WORK TO COMPLETE.
Nothing may be left out or changed. Print every entry.

RECORDS PROVIDED.

(* Let $L_r^n\subset\mathbb{A}^n$ be the cone over $r$ points of $\mathbb{P}^{n-1}$ in general position, and let $d\ge2$ be the integer with $\binom{n+d-2}{d-1}<r\le\binom{n+d-1}{d}$. Then \[\dim_\k T^1_{-1}\ \ge\ \max\Big\{0,\ (n-1)r-n-\Big(r-\binom{n+d-2}{d-1}\Big)\Big(\binom{n+d-1}{d}-r\Big)\Big\},\] and if $r=\binom{n+d-1}{d}$ then equality holds, i.e. $\dim_\k T^1_{-1}=(n-1)\binom{n+d-1}{d}-n$.
   Context: Ground field $\k$ algebraically closed, characteristic $0$. A set of $r$ points in $\mathbb{P}^{n-1}$ is in general position if for every $\ell\ge1$ it imposes $\min(r,\binom{n+\ell-1}{\ell})$ independent conditions on forms of degree $\ell$. $T^1=\operatorname{Coker}\big(\Theta_n\otimes\mathcal{O}\to\operatorname{Hom}_{\mathcal{O}_n}(I,\mathcal{O})\big)$ for the homogeneous ideal $I$ of $L_r^n$ (all variables of weight $1$), graded so that $T^1_\ell$ is the image of homomorphisms sending each homogeneous generator of degree $q$ to an element of degree $q+\ell$. *)

From HB Require Import structures.
From mathcomp Require Import all_boot all_order all_algebra.
From mathcomp Require Import mpoly.
Set Implicit Arguments. Unset Strict Implicit. Unset Printing Implicit Defensive.
Import Order.TTheory GRing.Theory Num.Theory.
Local Open Scope ring_scope.

Section T1.
Variables (F : fieldType) (n r : nat) (p : 'I_r -> 'I_n -> F).
(* p i = a representative vector in F^n of the i-th point of P^{n-1}. *)

Definition distinct_points : Prop :=
  (forall i, exists k, p i k != 0) /\
  (forall i j, i != j -> ~ exists c : F, forall k, p j k = c * p i k).

(* For every l >= 1 the points impose min(r, C(n+l-1,l)) independent conditions
   on forms of degree l, i.e. the evaluation map S_l -> F^r has full rank
   min(r, dim S_l): it is onto when r <= dim S_l and one-to-one when
   dim S_l <= r. *)
Definition general_position : Prop :=
  forall l : nat, (1 <= l)%N ->
    ((r <= 'C(n + l - 1, l))%N ->
       forall v : 'I_r -> F, exists f : {mpoly F[n]},
         f \is l.-homog /\ forall i, f.@[p i] = v i) /\
    (('C(n + l - 1, l) <= r)%N ->
       forall f : {mpoly F[n]}, f \is l.-homog ->
         (forall i, f.@[p i] = 0) -> f = 0).

Definition Iq (q : nat) (f : {mpoly F[n]}) : Prop :=
  f \is q.-homog /\ forall i, f.@[p i] = 0.

(* A homogeneous S-module homomorphism I -> O = S/I of degree -1, given by
   representatives: phi f is a representative in S_{q-1} of the image of
   f in I_q (for q = 0, I_0 = 0 and the target (S/I)_{-1} = 0). *)
Definition hom_m1 (phi : {mpoly F[n]} -> {mpoly F[n]}) : Prop :=
  (forall q f, Iq q f -> phi f \is q.-1.-homog) /\
  (forall q f g (a b : F), Iq q f -> Iq q g ->
     Iq q.-1 (phi (a *: f + b *: g) - (a *: phi f + b *: phi g))) /\
  (forall q f (j : 'I_n), Iq q f ->
     Iq q (phi ('X_j * f) - 'X_j * phi f)).

(* equality of two such homomorphisms as maps I -> S/I *)
Definition hom_eq (phi psi : {mpoly F[n]} -> {mpoly F[n]}) : Prop :=
  forall q f, Iq q f -> Iq q.-1 (phi f - psi f).

(* the degree -1 part of Theta_n (x) O: derivations sum_j c_j d/dx_j, c_j in F *)
Definition constDer (c : 'I_n -> F) (f : {mpoly F[n]}) : {mpoly F[n]} :=
  \sum_(j < n) c j *: mderiv j f.

(* phi is zero in T^1_{-1} = Coker(Theta (x) O -> Hom(I, O))_{-1} *)
Definition zero_in_T1 (phi : {mpoly F[n]} -> {mpoly F[n]}) : Prop :=
  exists c : 'I_n -> F, hom_eq phi (constDer c).

Definition lincomb (N : nat) (a : 'I_N -> F)
  (phi : 'I_N -> {mpoly F[n]} -> {mpoly F[n]}) (f : {mpoly F[n]}) :=
  \sum_(k < N) a k *: phi k f.

Definition T1m1_dim_ge (N : nat) : Prop :=
  exists phi : 'I_N -> {mpoly F[n]} -> {mpoly F[n]},
    (forall k, hom_m1 (phi k)) /\
    forall a : 'I_N -> F, zero_in_T1 (lincomb a phi) -> forall k, a k = 0.

Definition T1m1_dim (N : nat) : Prop := T1m1_dim_ge N /\ ~ T1m1_dim_ge N.+1.
End T1.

THE ANSWER.
(* Let $L_r^n\subset\mathbb{A}^n$ be the cone over $r$ points of $\mathbb{P}^{n-1}$ in general position, and let $d\ge2$ be the integer with $\binom{n+d-2}{d-1}<r\le\binom{n+d-1}{d}$. Then \[\dim_\k T^1_{-1}\ \ge\ \max\Big\{0,\ (n-1)r-n-\Big(r-\binom{n+d-2}{d-1}\Big)\Big(\binom{n+d-1}{d}-r\Big)\Big\},\] and if $r=\binom{n+d-1}{d}$ then equality holds, i.e. $\dim_\k T^1_{-1}=(n-1)\binom{n+d-1}{d}-n$.
   Context: Ground field $\k$ algebraically closed, characteristic $0$. A set of $r$ points in $\mathbb{P}^{n-1}$ is in general position if for every $\ell\ge1$ it imposes $\min(r,\binom{n+\ell-1}{\ell})$ independent conditions on forms of degree $\ell$. $T^1=\operatorname{Coker}\big(\Theta_n\otimes\mathcal{O}\to\operatorname{Hom}_{\mathcal{O}_n}(I,\mathcal{O})\big)$ for the homogeneous ideal $I$ of $L_r^n$ (all variables of weight $1$), graded so that $T^1_\ell$ is the image of homomorphisms sending each homogeneous generator of degree $q$ to an element of degree $q+\ell$. *)

From HB Require Import structures.
From mathcomp Require Import all_boot all_order all_algebra.
From mathcomp Require Import mpoly.
Set Implicit Arguments. Unset Strict Implicit. Unset Printing Implicit Defensive.
Import Order.TTheory GRing.Theory Num.Theory.
Local Open Scope ring_scope.

Section T1.
Variables (F : fieldType) (n r : nat) (p : 'I_r -> 'I_n -> F).
(* p i = a representative vector in F^n of the i-th point of P^{n-1}. *)

Definition distinct_points : Prop :=
  (forall i, exists k, p i k != 0) /\
  (forall i j, i != j -> ~ exists c : F, forall k, p j k = c * p i k).

(* For every l >= 1 the points impose min(r, C(n+l-1,l)) independent conditions
   on forms of degree l, i.e. the evaluation map S_l -> F^r has full rank
   min(r, dim S_l): it is onto when r <= dim S_l and one-to-one when
   dim S_l <= r. *)
Definition general_position : Prop :=
  forall l : nat, (1 <= l)%N ->
    ((r <= 'C(n + l - 1, l))%N ->
       forall v : 'I_r -> F, exists f : {mpoly F[n]},
         f \is l.-homog /\ forall i, f.@[p i] = v i) /\
    (('C(n + l - 1, l) <= r)%N ->
       forall f : {mpoly F[n]}, f \is l.-homog ->
         (forall i, f.@[p i] = 0) -> f = 0).

Definition Iq (q : nat) (f : {mpoly F[n]}) : Prop :=
  f \is q.-homog /\ forall i, f.@[p i] = 0.

(* A homogeneous S-module homomorphism I -> O = S/I of degree -1, given by
   representatives: phi f is a representative in S_{q-1} of the image of
   f in I_q (for q = 0, I_0 = 0 and the target (S/I)_{-1} = 0). *)
Definition hom_m1 (phi : {mpoly F[n]} -> {mpoly F[n]}) : Prop :=
  (forall q f, Iq q f -> phi f \is q.-1.-homog) /\
  (forall q f g (a b : F), Iq q f -> Iq q g ->
     Iq q.-1 (phi (a *: f + b *: g) - (a *: phi f + b *: phi g))) /\
  (forall q f (j : 'I_n), Iq q f ->
     Iq q (phi ('X_j * f) - 'X_j * phi f)).

(* equality of two such homomorphisms as maps I -> S/I *)
Definition hom_eq (phi psi : {mpoly F[n]} -> {mpoly F[n]}) : Prop :=
  forall q f, Iq q f -> Iq q.-1 (phi f - psi f).

(* the degree -1 part of Theta_n (x) O: derivations sum_j c_j d/dx_j, c_j in F *)
Definition constDer (c : 'I_n -> F) (f : {mpoly F[n]}) : {mpoly F[n]} :=
  \sum_(j < n) c j *: mderiv j f.

(* phi is zero in T^1_{-1} = Coker(Theta (x) O -> Hom(I, O))_{-1} *)
Definition zero_in_T1 (phi : {mpoly F[n]} -> {mpoly F[n]}) : Prop :=
  exists c : 'I_n -> F, hom_eq phi (constDer c).

Definition lincomb (N : nat) (a : 'I_N -> F)
  (phi : 'I_N -> {mpoly F[n]} -> {mpoly F[n]}) (f : {mpoly F[n]}) :=
  \sum_(k < N) a k *: phi k f.

Definition T1m1_dim_ge (N : nat) : Prop :=
  exists phi : 'I_N -> {mpoly F[n]} -> {mpoly F[n]},
    (forall k, hom_m1 (phi k)) /\
    forall a : 'I_N -> F, zero_in_T1 (lincomb a phi) -> forall k, a k = 0.

Definition T1m1_dim (N : nat) : Prop := T1m1_dim_ge N /\ ~ T1m1_dim_ge N.+1.
End T1.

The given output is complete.